Oh boy, I don't think chamomile tea is going to be strong enough to prepare me for this one...

So yay, good news first, estrogens have been numerously associated to a better ability at memory retention, though these effects are short lived as with most things also counter studies exist, not to mention quite a bit of controversy over hormone replacement therapy for cognitive degenerate diseases. Interestingly, there has also been studies to show that estradiol synthesis might happen post synapses formation, and potentially effect neuronal networks surrounding it. Thus, with influxes, not only is new memory formation potentially modified (or different than sans estrogens influx) but also that other memory can be effected as well. From 'Estogens and memory in physiological and neuropathological conditions':

"Ovarian hormones can influence brain regions crucial to higher cognitive functions, such as learning and memory, acting at structural, cellular and functional levels, and modulating neurotransmitter systems. Among the main effects of estrogens, the protective role that they may play against the deterioration of cognitive functions occuring with normal aging is of essential importance. In fact, during the last century, there has been a 30 years increase in female life expectancy ... Therefor, women are now spending a greater fraction of their lives in a hypoestrogenic state. Although many cognitive functions seem to be unaffected by normal aging, age-related impairments are particularly evident in tasks involving working memory (WM), whose deficits are a recognized feature of Alzheimer's disease (AD). Many studies conducted over the past two decades showed that the female gonadal hormone estradiol can influence performance of learning and memory tasks, both in animal and humans. There is a great deal of evidence, mostly from animal models, that estrogens can facilitate or enhance performance on WM tasks; therefore, it is very important to clarify their role on this type of memory."

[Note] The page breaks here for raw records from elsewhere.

Definition is_diag (n a b : nat) : bool :=
  is_arc n a b && (b != a.+1) && ~~ ((a == 1) && (b == n.+1)).

Definition is_bnc (c : config) : Prop :=
  let n := size_c c in
  1 <= n /\
  (forall a b, ~~ is_arc n a b -> col c a b = U) /\
  (n = 1 -> col c 1 2 = Bl) /\
  (forall a b, is_arc n a b -> col c a b = Rd -> is_diag n a b) /\
  (forall a b a' b', is_arc n a b -> is_arc n a' b' ->
     col c a b <> U -> col c a' b' <> U -> ~~ crossing a b a' b').

(* colour of the new arc (i,i+m) from colour x of the i-th edge of C and
   colour y of the base of D *)
Definition glue_color (x y : color) : color :=
  match x, y with U, U => Rd | Bl, Bl => Bl | _, _ => U end.

(* Partial composition C o_i D (glue the base of D on the i-th edge of C). *)
Definition bcomp (C : config) (i : nat) (D : config) : config :=
  let n := size_c C in let m := size_c D in
  let inC v := (v <= i) || (i + m <= v) in
  let unsig v := if v <= i then v else v + 1 - m in
  Config (n + m - 1) (fun a b =>
    if ~~ is_arc (n + m - 1) a b then U
    else if (a == i) && (b == i + m) then glue_color (col C i i.+1) (col D 1 m.+1)
    else if (i <= a) && (b <= i + m) then col D (a + 1 - i) (b + 1 - i)
    else if inC a && inC b then col C (unsig a) (unsig b)
    else U).

Definition unit_c : config :=
  Config 1 (fun a b => if (a == 1) && (b == 2) then Bl else U).

(* T_xyz: first edge (1,2) colour x, base (1,3) colour y, second edge (2,3) colour z *)
Definition T (x y z : color) : config :=
  Config 2 (fun a b =>
    if (a == 1) && (b == 2) then x
    else if (a == 1) && (b == 3) then y
    else if (a == 2) && (b == 3) then z else U).

Definition p_c : config := T Bl Bl U.
Definition r_c : config := T U Bl U.

Inductive in_O : config -> Prop :=
| inO_unit : in_O unit_c
| inO_p : in_O p_c
| inO_r : in_O r_c
| inO_comp C i D : in_O C -> in_O D -> 1 <= i <= size_c C -> in_O (bcomp C i D).

Inductive gen := Gp | Gr.

(* planar binary trees with internal nodes labelled by generators; Leaf is
   the unit; inputs are the leaves, numbered 1.. from left to right *)
Inductive tree := Leaf | Node of gen & tree & tree.

Fixpoint arity (t : tree) : nat :=
  match t with Leaf => 1 | Node _ l r => arity l + arity r end.

Fixpoint tcomp (t : tree) (i : nat) (s : tree) : tree :=
  match t with
  | Leaf => if i == 1 then s else Leaf
  | Node g l r => if i <= arity l then Node g (tcomp l i s) r
                  else Node g l (tcomp r (i - arity l) s)
  end.

Definition gtree (g : gen) : tree := Node g Leaf Leaf.

Definition rel1_l := tcomp (gtree Gr) 1 (gtree Gr).
Definition rel1_r := tcomp (gtree Gr) 2 (gtree Gr).
Definition rel2_l := tcomp (gtree Gr) 1 (gtree Gp).
Definition rel2_r := tcomp (gtree Gp) 2 (gtree Gr).

Inductive cong : tree -> tree -> Prop :=
| cong_rel1 : cong rel1_l rel1_r
| cong_rel2 : cong rel2_l rel2_r
| cong_refl t : cong t t
| cong_sym t t' : cong t t' -> cong t' t
| cong_trans t t' t'' : cong t t' -> cong t' t'' -> cong t t''
| cong_compl t t' i s : cong t t' -> 1 <= i <= arity t ->
    cong (tcomp t i s) (tcomp t' i s)
| cong_compr s i t t' : cong t t' -> 1 <= i <= arity s ->
    cong (tcomp s i t) (tcomp s i t').

Definition gen_c (g : gen) : config := match g with Gp => p_c | Gr => r_c end.

Fixpoint eval (t : tree) : config :=
  match t with
  | Leaf => unit_c
  | Node g l r => bcomp (bcomp (gen_c g) 2 (eval r)) 1 (eval l)
  end.

From mathcomp Require Import all_boot zify.
From Stdlib Require Import FunctionalExtensionality.

(* The configuration [eval t] has an explicit colouring [tcol t]: the base is
   blue, the arc cut off by the left subtree carries a colour determined by the
   root generator, the arc cut off by the right subtree is uncoloured, and all
   other arcs are coloured as in the subtrees.  This colouring commutes with
   grafting, so [eval] is an operad morphism: O is its image and both relations
   hold in CNCB.  Conversely, orienting the relations as
   r(r(x,y),z) -> r(x,r(y,z)) and r(p(x,y),z) -> p(x,r(y,z)) brings every tree
   to a normal form in which every r has a leaf as left child, and a normal tree
   is recovered from its colouring: at the root, p leaves the blue arc (1, k+1),
   k the arity of the left subtree, whereas r leaves no coloured arc at vertex 1
   apart from the base. *)

(* [glue_color] of the generator's first edge with a blue base. *)
Definition gcol (g : gen) : color := match g with Gp => Bl | Gr => U end.

Fixpoint tcol (t : tree) : nat -> nat -> color :=
  match t with
  | Leaf => fun a b => if (a == 1) && (b == 2) then Bl else U
  | Node g l r => fun a b =>
     if ~~ is_arc (arity l + arity r) a b then U
     else if (a == 1) && (b == (arity l + arity r).+1) then Bl
     else if (a == 1) && (b == (arity l).+1) then gcol g
     else if (a == (arity l).+1) && (b == (arity l + arity r).+1) then U
     else if b <= (arity l).+1 then tcol l a b
     else if (arity l).+1 <= a then tcol r (a - arity l) (b - arity l)
     else U
  end.

Ltac arc_lia := unfold is_arc in *; lia.

Ltac case_ifs :=
  unfold is_arc in *; rewrite ?if_neg ?if_and ?if_or ?if_neg;
  repeat match goal with
  | |- context [if ?c then _ else _] => case: (boolP c) => ?; try (exfalso; lia)
  end.

Lemma arity_gt0 t : 0 < arity t.
Proof. by elim: t => //= g l IHl r IHr; lia. Qed.

Lemma tcol_out t a b : ~~ is_arc (arity t) a b -> tcol t a b = U.
Proof.
case: t => [|g l r] /= arc; last by rewrite arc.
by case: ifP => // /andP[/eqP a1 /eqP b2]; move: arc; rewrite a1 b2.
Qed.

Lemma tcol_base t : tcol t 1 (arity t).+1 = Bl.
Proof.
case: t => [|g l r] //=.
have := arity_gt0 l; have := arity_gt0 r.
by rewrite /is_arc !eqxx; case: ifP => //; lia.
Qed.

Lemma tcol_base_eq t a b : a = 1 -> b = (arity t).+1 -> tcol t a b = Bl.
Proof. by move=> -> ->; exact: tcol_base. Qed.

Ltac close_arc := first
  [ done | (exfalso; arc_lia)
  | (apply: tcol_out; arc_lia) | (symmetry; apply: tcol_out; arc_lia)
  | (apply: tcol_base_eq; arc_lia) | (symmetry; apply: tcol_base_eq; arc_lia)
  | (f_equal; arc_lia) | (do 2 f_equal; arc_lia) ].

Lemma arity_tcomp t i s : 1 <= i <= arity t ->
  arity (tcomp t i s) = arity t + arity s - 1.
Proof.
have := arity_gt0 s.
elim: t i => [|g l IHl r IHr] i /= s_gt0 i_range.
  have -> : i = 1 by lia.
  by rewrite /=; lia.
have := arity_gt0 l; case: ifP => i_l l_gt0 /=.
  by rewrite IHl //; lia.
by rewrite IHr //; lia.
Qed.

Lemma tcol_tcomp t i s : 1 <= i <= arity t -> forall a b,
  tcol (tcomp t i s) a b =
  col (bcomp (Config (arity t) (tcol t)) i (Config (arity s) (tcol s))) a b.
Proof.
elim: t i => [|g l IHl r IHr] i i_range a b.
  have i1 : i = 1 by move: i_range => /= ?; lia.
  subst i => /=.
  by rewrite tcol_base; case_ifs; close_arc.
have s_gt0 := arity_gt0 s; have l_gt0 := arity_gt0 l; have r_gt0 := arity_gt0 r.
move: i_range => /= i_range.
case: ifP => i_l; rewrite /= arity_tcomp ?tcol_base; try lia.
(* Abstracting the arities keeps the case analysis within reach of [lia]. *)
- rewrite IHl /= ?tcol_base; last lia.
  move: (arity l) (arity r) (arity s) s_gt0 l_gt0 r_gt0 i_l i_range => k m ms *.
  by case_ifs; first [by case: g | close_arc].
- rewrite IHr /= ?tcol_base; last lia.
  move: (arity l) (arity r) (arity s) s_gt0 l_gt0 r_gt0 i_l i_range => k m ms *.
  by case_ifs; first [by case: g | close_arc].
Qed.

Lemma config_ext c d :
  size_c c = size_c d -> (forall a b, col c a b = col d a b) -> c = d.
Proof.
case: c => n f; case: d => n' f' /= -> f_f'.
by congr Config; do 2 (apply: functional_extensionality => ?).
Qed.

Lemma bcomp_tcol t i s : 1 <= i <= arity t ->
  bcomp (Config (arity t) (tcol t)) i (Config (arity s) (tcol s)) =
  Config (arity (tcomp t i s)) (tcol (tcomp t i s)).
Proof.
move=> i_range; apply: config_ext => [|a b] /=; first by rewrite arity_tcomp.
by rewrite tcol_tcomp.
Qed.

Lemma gen_cE g : gen_c g = Config 2 (tcol (gtree g)).
Proof. by apply: config_ext => [|a b]; case: g => //=; case_ifs; close_arc. Qed.

Lemma evalE t : eval t = Config (arity t) (tcol t).
Proof.
elim: t => [|g l IHl r IHr] //=.
by rewrite IHl IHr gen_cE (bcomp_tcol (gtree g)) //= (bcomp_tcol (Node g Leaf r)).
Qed.

Lemma size_eval t : size_c (eval t) = arity t.
Proof. by rewrite evalE. Qed.

Lemma eval_tcomp t i s : 1 <= i <= arity t ->
  eval (tcomp t i s) = bcomp (eval t) i (eval s).
Proof. by move=> i_range; rewrite !evalE bcomp_tcol. Qed.

Lemma in_O_eval c : in_O c <-> exists t : tree, eval t = c.
Proof.
split.
  elim => [|||C i D _ [t <-] _ [s <-] i_range].
  - by exists Leaf.
  - by exists (gtree Gp); rewrite evalE -gen_cE.
  - by exists (gtree Gr); rewrite evalE -gen_cE.
  - by exists (tcomp t i s); rewrite eval_tcomp // -size_eval.
move=> [t <-]; elim: t => [|g l IHl r IHr] /=; first exact: inO_unit.
have [gen_size gen_in_O] : size_c (gen_c g) = 2 /\ in_O (gen_c g).
  by case: g; split=> //; constructor.
apply: inO_comp => //; first by apply: inO_comp => //; rewrite gen_size.
by rewrite /= size_eval gen_size; have := arity_gt0 r; lia.
Qed.

Lemma cong_eval {t t'} : cong t t' -> eval t = eval t'.
Proof.
elim => //.
1-2: by rewrite !evalE; apply: config_ext => // a b /=; case_ifs; close_arc.
- by move=> ? ? ? _ -> _ ->.
- move=> t1 t2 i s _ E i_range.
  have i_range' : 1 <= i <= arity t2 by rewrite -size_eval -E size_eval.
  by rewrite !eval_tcomp // E.
- by move=> s i t1 t2 _ E i_range; rewrite !eval_tcomp // E.
Qed.

Lemma cong_nodel g s {t t'} : cong t t' -> cong (Node g t s) (Node g t' s).
Proof.
move=> t_t'; have := @cong_compr (Node g Leaf s) 1 _ _ t_t'.
by rewrite /=; apply; have := arity_gt0 s; lia.
Qed.

Lemma cong_noder g s {t t'} : cong t t' -> cong (Node g s t) (Node g s t').
Proof.
move=> t_t'; have := @cong_compr (Node g s Leaf) (arity s).+1 _ _ t_t'.
by rewrite /= ltnn subSnn /=; apply; lia.
Qed.

Lemma cong_node g {t t' s s'} :
  cong t t' -> cong s s' -> cong (Node g t s) (Node g t' s').
Proof.
by move=> t_t' s_s'; apply: cong_trans (cong_nodel g s t_t') (cong_noder g t' s_s').
Qed.

Lemma cong_subst3 {t t'} x y z : cong t t' -> arity t = 3 ->
  cong (tcomp (tcomp (tcomp t 3 z) 2 y) 1 x) (tcomp (tcomp (tcomp t' 3 z) 2 y) 1 x).
Proof.
move=> t_t' t3; have y_gt0 := arity_gt0 y; have z_gt0 := arity_gt0 z.
have ar3 : arity (tcomp t 3 z) = (arity z).+2 by rewrite arity_tcomp t3 //; lia.
have ar2 : arity (tcomp (tcomp t 3 z) 2 y) = (arity y + arity z).+1.
  by rewrite arity_tcomp ar3 //; lia.
apply: cong_compl; last by rewrite ar2.
by apply: cong_compl; [apply: cong_compl; rewrite ?t3 | rewrite ar3].
Qed.

Lemma cong_rrA x y z : cong (Node Gr (Node Gr x y) z) (Node Gr x (Node Gr y z)).
Proof. exact: (cong_subst3 x y z cong_rel1 erefl). Qed.

Lemma cong_rpA x y z : cong (Node Gr (Node Gp x y) z) (Node Gp x (Node Gr y z)).
Proof. exact: (cong_subst3 x y z cong_rel2 erefl). Qed.

Fixpoint normal (t : tree) : bool :=
  match t with
  | Leaf => true
  | Node Gp l r => normal l && normal r
  | Node Gr Leaf r => normal r
  | Node Gr _ _ => false
  end.

Fixpoint nf_r (A B : tree) : tree :=
  match A with
  | Leaf => Node Gr Leaf B
  | Node Gp A1 A2 => Node Gp A1 (nf_r A2 B)
  | Node Gr _ A2 => Node Gr Leaf (nf_r A2 B)
  end.

Fixpoint nf (t : tree) : tree :=
  match t with
  | Leaf => Leaf
  | Node Gp l r => Node Gp (nf l) (nf r)
  | Node Gr l r => nf_r (nf l) (nf r)
  end.

Lemma nf_rP {A B} : normal A -> normal B ->
  cong (Node Gr A B) (nf_r A B) /\ normal (nf_r A B).
Proof.
elim: A => [|[] A1 _ A2 IHA2] /=; first by move=> _ ->; split=> //; exact: cong_refl.
- move=> /andP[nA1 nA2] nB; have [A2B_cong nA2B] := IHA2 nA2 nB.
  rewrite /= nA1; split=> //.
  exact: cong_trans (cong_rpA _ _ _) (cong_noder _ _ A2B_cong).
- case: A1 => // nA2 nB; have [A2B_cong nA2B] := IHA2 nA2 nB.
  by split=> //; apply: cong_trans (cong_rrA _ _ _) (cong_noder _ _ A2B_cong).
Qed.

Lemma nfP t : cong t (nf t) /\ normal (nf t).
Proof.
elim: t => [|[] l [l_nf nl] r [r_nf nr]] /=; first by split=> //; exact: cong_refl.
  by rewrite nl nr; split=> //; exact: cong_node.
have [lr_nf nlr] := nf_rP nl nr.
by split=> //; apply: cong_trans (cong_node Gr l_nf r_nf) lr_nf.
Qed.

Lemma tcol_nodeL g l r a b : is_arc (arity l) a b ->
  ~~ ((a == 1) && (b == (arity l).+1)) -> tcol (Node g l r) a b = tcol l a b.
Proof. by have := arity_gt0 r; rewrite /= => *; case_ifs; close_arc. Qed.

Lemma tcol_nodeR g l r a b : is_arc (arity r) a b ->
  ~~ ((a == 1) && (b == (arity r).+1)) ->
  tcol (Node g l r) (a + arity l) (b + arity l) = tcol r a b.
Proof. by have := arity_gt0 l; rewrite /= => *; case_ifs; close_arc. Qed.

Lemma tcol_node_split g l r : tcol (Node g l r) 1 (arity l).+1 = gcol g.
Proof.
by have := arity_gt0 l; have := arity_gt0 r; rewrite /= => *; case_ifs; close_arc.
Qed.

Lemma tcol_node_vertex1 g l r j : (arity l).+1 < j <= arity l + arity r ->
  tcol (Node g l r) 1 j = U.
Proof. by have := arity_gt0 l; rewrite /= => *; case_ifs; close_arc. Qed.

Lemma tcol_r_vertex1 r j : 1 < j <= (arity r).+1 -> tcol (Node Gr Leaf r) 1 j = U.
Proof.
move=> j_range; case: (j =P 2) => [-> | j2]; first exact: (tcol_node_split Gr Leaf r).
by apply: tcol_node_vertex1 => /=; lia.
Qed.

Overall, my general understanding of these studies perused, articles absorbed, and research of the predominant publications, is that estrogens have a significant effect on the minds formation of information, ongoingly is able to continue modifying, they have the ability to far more quickly form synapsis, and as expected, play both a role in our perception as well as emotion. What is not entirely clear scientifically, is that during cycles of estrus, is whether the perception is temporarily modified, or if we are literally reprogramming things that already exist due to the modification of current perception. The increased speed of neuronal firing creating and forming information both more quickly as well as more solid and permanent, makes me believe that perhaps it is somewhat of an adjusting process.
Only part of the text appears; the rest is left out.